[WHAT NEEDS TO BE DONE] Return the following from the records below: each line, word for word, starting with the line that contains "rewrite lee_fin /Vfun;" and going on through the line that contains "Lemma seg_stepsize_le (R", with nothing outside that range.

Stored dataset items:
Lemma sgda_integral_Vfun_le gamma x :
  (\int[sgda_kernel P F U gamma x]_y (Vfun xs y)%:E <=
   (vnorm (vsub (vsub x xs) (vscale gamma (F x))) ^+ 2 + gamma ^+ 2 * sigma ^+ 2 + 1)%:E)%E.
Proof.
rewrite ge0_integral_pushforward //; last 3 first.
- exact: (measurable_noisy_step hU x (F x) x gamma).
- by apply/measurable_EFinP; exact: measurable_Vfun.
- by move=> y _; rewrite lee_fin Vfun_ge0.
rewrite preimage_setT.
under eq_integral do rewrite /= /Vfun /sgda_step vsubAC.
exact: integral_noisy_step_le.
Qed.

Lemma sgda_geometric_drift B gamma : linear_growth F B -> 0 < gamma -> gamma < mu / B ^+ 2 ->
  geometric_drift (sgda_kernel P F U gamma) (Vfun xs).
Proof.
move=> FB g0 gB.
have gB2 : gamma * B ^+ 2 < mu.
  have [B0|B0] := eqVneq (B ^+ 2) 0; first by move: gB; rewrite B0 invr0 mulr0; lra.
  by rewrite -ltr_pdivlMr // lt_def B0 sqr_ge0.
pose beta := 2 * gamma * (mu - gamma * B ^+ 2).
pose b := beta + 2 * gamma * lam + gamma ^+ 2 * B ^+ 2 * (6 * vnorm xs ^+ 2 + 4)
  + gamma ^+ 2 * sigma ^+ 2.
apply: (@geometric_drift_of_contraction _ _ _ _ beta b (measurable_Vfun xs) (Vfun_ge0 xs)).
  by rewrite !mulr_gt0 // subr_gt0.
move=> x; apply: (le_trans (sgda_integral_Vfun_le gamma x)).
rewrite lee_fin /Vfun; have := sgda_mean_step_le FB Fmono x (ltW g0).
rewrite /b /beta; lra.
Qed.

End SGDADrift.

(* Since [gamma sqrt3 L < 1], [2 L^2 gamma^2 = 2/3 (gamma sqrt3 L)^2 <= 2/3 gamma sqrt3 L]. *)
Lemma seg_stepsize_le (R : realType) (mu L gamma : R) : 0 < mu -> 0 <= L -> 0 < gamma ->
  gamma < 1 / (2 * mu + Num.sqrt 3 * L) -> 2 * L ^+ 2 * gamma ^+ 2 + 2 * gamma * mu <= 1.
Proof.
move=> mu0 L0 g0; set t := Num.sqrt 3 * L.
have t0 : 0 <= t by rewrite mulr_ge0 ?sqrtr_ge0.
have t2 : t ^+ 2 = 3 * L ^+ 2 by rewrite exprMn sqr_sqrtr ?ler0n.
rewrite ltr_pdivlMr ?ltr_wpDr ?mulr_gt0 // => gt.
have gt_le : (gamma * t) ^+ 2 <= gamma * t.
  rewrite expr2 ler_piMr ?mulr_ge0 ?(ltW g0) //; have := mulr_gt0 g0 mu0; lra.
have : 3 * (2 * L ^+ 2 * gamma ^+ 2) = 2 * (gamma * t) ^+ 2 by rewrite exprMn t2; ring.
have := mulr_ge0 (ltW g0) t0; lra.
Qed.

[RESPONSE]
rewrite lee_fin /Vfun; have := sgda_mean_step_le FB Fmono x (ltW g0).
rewrite /b /beta; lra.
Qed.

End SGDADrift.

(* Since [gamma sqrt3 L < 1], [2 L^2 gamma^2 = 2/3 (gamma sqrt3 L)^2 <= 2/3 gamma sqrt3 L]. *)
Lemma seg_stepsize_le (R : realType) (mu L gamma : R) : 0 < mu -> 0 <= L -> 0 < gamma ->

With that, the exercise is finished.